[Listed records]
Lemma pT_succ H c m : pT H c (S m) = c * Dgap H c 0 m.
Proof.
  destruct m as [|k].
  - simpl. unfold Dgap. rewrite Dchain_nil. unfold Lcirc. simpl. unfold gapR; simpl. ring.
  - unfold pT. f_equal.
    (* the recursion [Dgap_rec] shows that [Dgap] does not depend on its base point *)
    rewrite (Dgap_rec H c (S k) 0), <- (Dgap_rec H c (S k) 1).
    unfold Dgap, Dcirc, Dchain. f_equal. apply map_ext_in. intros B HB.
    assert (HP : strictly_between 1 B (S (S (S k)))).
    { eapply strictly_between_sublists; [|exact HB]. apply strictly_between_seq; lia. }
    f_equal. unfold Lcirc. simpl app.
    change (sort_nat (1%nat :: S (S (S k)) :: B))
      with (insert_nat 1 (insert_nat (S (S (S k))) (sort_nat B))).
    rewrite (sort_nat_id _ _ _ HP), (insert_nat_last _ _ _ HP), (insert_nat_first _ _ _ HP).
    reflexivity.
Qed.

(* u_n = P(X*_n = 1) for the GBP-II* process. *)
Definition renewal_u (H c : R) (n : nat) : R :=
  match n with O => 1 | S _ => c * rho H n end.

Lemma renewal_u_eq H c m :
  renewal_u H c (S m) = sum_lt (fun i => renewal_u H c i * pT H c (S m - i)%nat) (S m).
Proof.
  rewrite sum_lt_Sl, Nat.sub_0_r, pT_succ, Dgap_rec.
  rewrite (sum_lt_ext (fun i => renewal_u H c (S i) * pT H c (S m - S i)%nat)
     (fun i => c * (c * rho H (S i) * Dgap H c 0 (m - 1 - i)))).
  - rewrite sum_lt_scal. simpl. ring.
  - intros i Hi. simpl renewal_u. replace (S m - S i)%nat with (S (m - 1 - i)) by lia.
    rewrite pT_succ. ring.
Qed.

(** * Kaluza's theorem and nonnegativity of the law *)

(* Subtracting r times the renewal equation at [n] from the one
   at [n+1], with r = u_(n+2)/u_(n+1), writes f_(n+2) as a combination of
   f_1..f_(n+1) whose coefficients r u_i - u_(i+1) are nonnegative by log-convexity. *)
Lemma kaluza_nonneg (u f : nat -> R) :
  u 0%nat = 1 -> (forall n, 0 < u n) ->
  (forall j, u (S j) / u j <= u (S (S j)) / u (S j)) ->
  (forall m, u (S m) = sum_lt (fun i => u i * f (S m - i)%nat) (S m)) ->
  forall n, (1 <= n)%nat -> 0 <= f n.
Proof.
  intros u0 upos ratio_incr ren.
  assert (ratio_le : forall i n, (i <= n)%nat -> u (S i) / u i <= u (S n) / u n).
  { intros i n Hin. induction Hin; [lra|]. eapply Rle_trans; [apply IHHin | apply ratio_incr]. }
  intro n. induction n as [n IH] using lt_wf_ind. intros Hn.
  destruct n as [|[|n]]; [lia| |].
  - pose proof (ren 0%nat) as R0. simpl in R0. rewrite u0 in R0. pose proof (upos 1%nat). lra.
  - pose proof (ren (S n)) as R1. pose proof (ren n) as R2.
    rewrite sum_lt_Sl, u0, Nat.sub_0_r in R1.
    set (r := u (S (S n)) / u (S n)).
    assert (E : f (S (S n)) = sum_lt (fun i => (r * u i - u (S i)) * f (S n - i)%nat) (S n)).
    { rewrite (sum_lt_ext _
         (fun i => r * (u i * f (S n - i)%nat) - u (S i) * f (S (S n) - S i)%nat))
        by (intros i Hi; replace (S (S n) - S i)%nat with (S n - i)%nat by lia; ring).
      rewrite sum_lt_minus, sum_lt_scal, <- R2.
      unfold r. field_simplify; [|pose proof (upos (S n)); lra]. lra. }
    rewrite E. apply sum_lt_nonneg. intros i Hi. apply Rmult_le_pos; [|apply IH; lia].
    assert (u (S i) / u i <= r) by (apply ratio_le; lia).
    pose proof (upos i). apply Rmult_le_reg_r with (/ u i); [apply Rinv_0_lt_compat; lra|].
    rewrite Rmult_0_l. replace ((r * u i - u (S i)) * / u i) with (r - u (S i) / u i) by (field; lra).
    lra.
Qed.
Definition boundary (R : realType) (n : nat) (X : {set {set 'I_n}}) (k : nat)
  : 'M[R]_(#|simplices X k|, #|simplices X k.+1|) :=
  \matrix_(i < #|simplices X k|, j < #|simplices X k.+1|)
    let s : {set 'I_n} := enum_val i in let t : {set 'I_n} := enum_val j in
    \sum_(v : 'I_n | (v \in t) && (s == t :\ v))
       (-1) ^+ #|[set u in t | (u < v)%N]|.

(* the orthogonal projection of x onto im(A) = { A z }, w.r.t. the standard
   inner product <u, v> = u^T v (the basis of simplices is orthonormal):
   the unique y in im(A) with x - y orthogonal to im(A). *)
Definition orth_proj (R : realType) (m k : nat) (A : 'M[R]_(m, k)) (x : 'cV[R]_m)
  : 'cV[R]_m :=
  xget 0 [set y : 'cV[R]_m | (exists z : 'cV[R]_k, y = A *m z) /\
                             (forall z : 'cV[R]_k, (A *m z)^T *m (x - y) = 0)].

Definition iter_deriv (R : realType) (U V : normedModType R) (f : U -> V) (vs : seq U)
  : U -> V :=
  foldr (fun v g => 'D_v g) f vs.

Definition smooth (R : realType) (U V : normedModType R) (f : U -> V) : Prop :=
  forall (vs : seq U) (x : U), differentiable (iter_deriv f vs) x.

Definition grad (R : realType) (m : nat) (phi : 'cV[R]_m -> R^o) (x : 'cV[R]_m)
  : 'cV[R]_m :=
  \col_(i < m) 'D_(delta_mx i 0) phi x.

Definition exact_field (R : realType) (m : nat) (F : 'cV[R]_m -> 'cV[R]_m) : Prop :=
  exists phi : 'cV[R]_m -> R^o, smooth phi /\ forall x, F x = grad phi x.

From HB Require Import structures.
From mathcomp Require Import all_boot all_order all_algebra.
From mathcomp Require Import all_classical all_reals all_analysis.
From mathcomp Require Import zify ring.
Import Order.TTheory GRing.Theory Num.Theory.
Import numFieldNormedType.Exports.
Local Open Scope ring_scope.

(* G_d(theta) = A^T F_up (A theta) + C^T F_down (C theta) with A = B_(d+1)^T and C = B_d,
   and C A^T = B_d B_(d+1) = 0.  The orthogonal projection P_A onto im A satisfies
   A^T P_A = A^T and P_A A = A, so if psi and chi are potentials of P_A F_up P_A and
   P_C F_down P_C, then psi (A theta) + chi (C theta) is a potential of G_d.  Conversely,
   C A^T = 0 yields a matrix M with A M = P_A and C M = 0; by the chain rule a potential of
   G_d composed with M is a potential of M^T G_d (M x) = P_A F_up (P_A x), and symmetrically
   for F_down. *)

Section ColumnSpaceProjection.
Variable R : realType.

Lemma mulmx_trmx_eq0 p q (N : 'M[R]_(p, q)) : N *m N^T = 0 -> N = 0.
Proof.
move=> NNt0; apply/matrixP => i j; rewrite mxE.
have /eqP := congr1 (fun M : 'M[R]_p => M i i) NNt0; rewrite !mxE.
under eq_bigr do rewrite mxE -expr2.
rewrite psumr_eq0 => [/allP/(_ j (mem_index_enum _))|l _]; last exact: sqr_ge0.
by rewrite sqrf_eq0 => /eqP.
Qed.

Variables (m k : nat) (A : 'M[R]_(m, k)).

Lemma submx_gram : (A <= A^T *m A)%MS.
Proof.
have ker_gram : (kermx (A^T *m A) <= kermx A^T)%MS.
  rewrite sub_kermx; apply/eqP/mulmx_trmx_eq0.
  have /eqP K0 : kermx (A^T *m A) *m (A^T *m A) == 0 by rewrite -sub_kermx.
  by rewrite trmx_mul trmxK mulmxA -(mulmxA _ A^T) K0 mul0mx.
have := mxrankS ker_gram; rewrite !mxrank_ker mxrank_tr => rk_le.
have rkA : (\rank A <= k)%N by apply: rank_leq_col.
have rkG : (\rank (A^T *m A) <= k)%N by apply: rank_leq_col.
have rk_gram : (\rank A <= \rank (A^T *m A))%N by lia.
have /leqifP := mxrank_leqif_eq (submxMl A^T A).
by case: ifP => [/andP[_ ->] // | _]; rewrite ltnNge rk_gram.
Qed.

[Activity] Above are the records; print exactly the lines from the line with "- rewrite sum_lt_scal. simpl. ring." to the line with "(* Subtracting r", including both, and nothing else.

[Written answer]
  - rewrite sum_lt_scal. simpl. ring.
  - intros i Hi. simpl renewal_u. replace (S m - S i)%nat with (S (m - 1 - i)) by lia.
    rewrite pT_succ. ring.
Qed.

(** * Kaluza's theorem and nonnegativity of the law *)

(* Subtracting r times the renewal equation at [n] from the one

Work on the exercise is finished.